EXERCISE AIM
Scan the lines below for "Import" and copy the matches.

(SOURCE DATA Opens)

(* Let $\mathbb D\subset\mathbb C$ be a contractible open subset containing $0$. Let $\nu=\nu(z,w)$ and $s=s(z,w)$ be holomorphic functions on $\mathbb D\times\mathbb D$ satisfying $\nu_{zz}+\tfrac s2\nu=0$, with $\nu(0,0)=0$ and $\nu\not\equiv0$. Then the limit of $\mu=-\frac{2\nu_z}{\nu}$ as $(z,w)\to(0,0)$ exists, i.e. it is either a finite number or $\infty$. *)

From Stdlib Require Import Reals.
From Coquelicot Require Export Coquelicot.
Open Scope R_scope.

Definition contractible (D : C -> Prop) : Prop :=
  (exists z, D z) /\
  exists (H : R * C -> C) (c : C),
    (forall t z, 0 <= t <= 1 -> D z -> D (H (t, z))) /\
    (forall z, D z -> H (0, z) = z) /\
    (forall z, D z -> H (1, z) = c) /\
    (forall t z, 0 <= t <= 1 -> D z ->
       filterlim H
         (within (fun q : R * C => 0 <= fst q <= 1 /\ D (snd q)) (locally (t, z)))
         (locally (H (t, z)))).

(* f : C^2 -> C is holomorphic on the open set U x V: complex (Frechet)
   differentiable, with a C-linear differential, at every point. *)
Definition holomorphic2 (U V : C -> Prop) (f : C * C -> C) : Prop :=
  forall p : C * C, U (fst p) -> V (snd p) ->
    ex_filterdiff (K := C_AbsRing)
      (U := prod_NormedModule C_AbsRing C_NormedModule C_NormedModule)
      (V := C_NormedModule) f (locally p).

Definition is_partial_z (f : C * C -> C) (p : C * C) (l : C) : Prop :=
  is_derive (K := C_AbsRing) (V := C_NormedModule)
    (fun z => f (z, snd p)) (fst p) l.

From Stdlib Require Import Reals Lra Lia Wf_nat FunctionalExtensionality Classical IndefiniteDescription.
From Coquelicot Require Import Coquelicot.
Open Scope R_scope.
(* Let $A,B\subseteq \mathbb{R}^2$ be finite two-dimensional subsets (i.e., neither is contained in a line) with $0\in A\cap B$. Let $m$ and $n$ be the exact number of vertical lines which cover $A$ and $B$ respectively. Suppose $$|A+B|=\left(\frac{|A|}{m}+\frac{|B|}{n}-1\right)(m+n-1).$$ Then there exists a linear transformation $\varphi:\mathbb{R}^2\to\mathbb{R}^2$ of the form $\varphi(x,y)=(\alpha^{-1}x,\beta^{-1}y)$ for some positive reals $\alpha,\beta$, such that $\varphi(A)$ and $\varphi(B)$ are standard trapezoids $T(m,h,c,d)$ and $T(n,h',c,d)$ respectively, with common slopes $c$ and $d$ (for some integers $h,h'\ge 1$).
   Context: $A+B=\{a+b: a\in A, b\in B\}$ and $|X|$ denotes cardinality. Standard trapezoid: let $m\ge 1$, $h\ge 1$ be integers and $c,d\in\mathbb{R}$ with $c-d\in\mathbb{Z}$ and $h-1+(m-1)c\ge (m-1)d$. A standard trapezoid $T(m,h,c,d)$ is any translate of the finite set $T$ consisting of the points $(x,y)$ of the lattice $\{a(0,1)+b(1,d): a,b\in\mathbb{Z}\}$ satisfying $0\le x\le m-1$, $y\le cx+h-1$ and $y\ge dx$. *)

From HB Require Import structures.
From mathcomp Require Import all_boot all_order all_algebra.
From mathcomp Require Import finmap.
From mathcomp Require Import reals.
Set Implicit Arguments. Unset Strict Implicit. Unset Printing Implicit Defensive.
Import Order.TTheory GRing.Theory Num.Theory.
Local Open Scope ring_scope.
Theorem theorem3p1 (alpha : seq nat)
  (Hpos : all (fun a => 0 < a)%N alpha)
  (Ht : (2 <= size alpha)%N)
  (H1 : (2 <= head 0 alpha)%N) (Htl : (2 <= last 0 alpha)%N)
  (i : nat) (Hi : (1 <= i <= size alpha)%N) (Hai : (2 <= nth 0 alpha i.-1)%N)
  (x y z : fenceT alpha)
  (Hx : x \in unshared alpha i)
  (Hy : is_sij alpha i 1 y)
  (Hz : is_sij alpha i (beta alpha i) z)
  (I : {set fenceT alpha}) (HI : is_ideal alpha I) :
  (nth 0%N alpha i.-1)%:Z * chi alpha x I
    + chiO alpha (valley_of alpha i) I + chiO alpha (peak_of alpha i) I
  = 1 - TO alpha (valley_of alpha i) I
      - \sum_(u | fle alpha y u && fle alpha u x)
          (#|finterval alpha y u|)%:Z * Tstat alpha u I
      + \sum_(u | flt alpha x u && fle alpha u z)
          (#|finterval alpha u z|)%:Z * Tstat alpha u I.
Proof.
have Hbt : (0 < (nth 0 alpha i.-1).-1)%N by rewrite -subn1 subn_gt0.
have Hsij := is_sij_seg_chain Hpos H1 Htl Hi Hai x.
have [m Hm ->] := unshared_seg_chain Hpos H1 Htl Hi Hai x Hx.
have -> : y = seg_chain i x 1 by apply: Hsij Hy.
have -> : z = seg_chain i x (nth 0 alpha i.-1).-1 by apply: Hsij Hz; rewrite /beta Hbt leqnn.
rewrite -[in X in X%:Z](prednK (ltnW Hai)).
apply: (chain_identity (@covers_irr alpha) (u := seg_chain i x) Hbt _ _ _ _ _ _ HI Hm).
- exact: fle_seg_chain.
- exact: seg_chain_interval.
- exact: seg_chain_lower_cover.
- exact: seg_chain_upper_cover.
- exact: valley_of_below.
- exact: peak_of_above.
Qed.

(SOURCE DATA Closes)

SOLUTION FOR THIS TASK
From Stdlib Require Import Reals.
From Stdlib Require Import Reals Lra Lia Wf_nat FunctionalExtensionality Classical IndefiniteDescription.
From Coquelicot Require Import Coquelicot.
From HB Require Import structures.
From mathcomp Require Import all_boot all_order all_algebra.
From mathcomp Require Import finmap.
From mathcomp Require Import reals.
Import Order.TTheory GRing.Theory Num.Theory.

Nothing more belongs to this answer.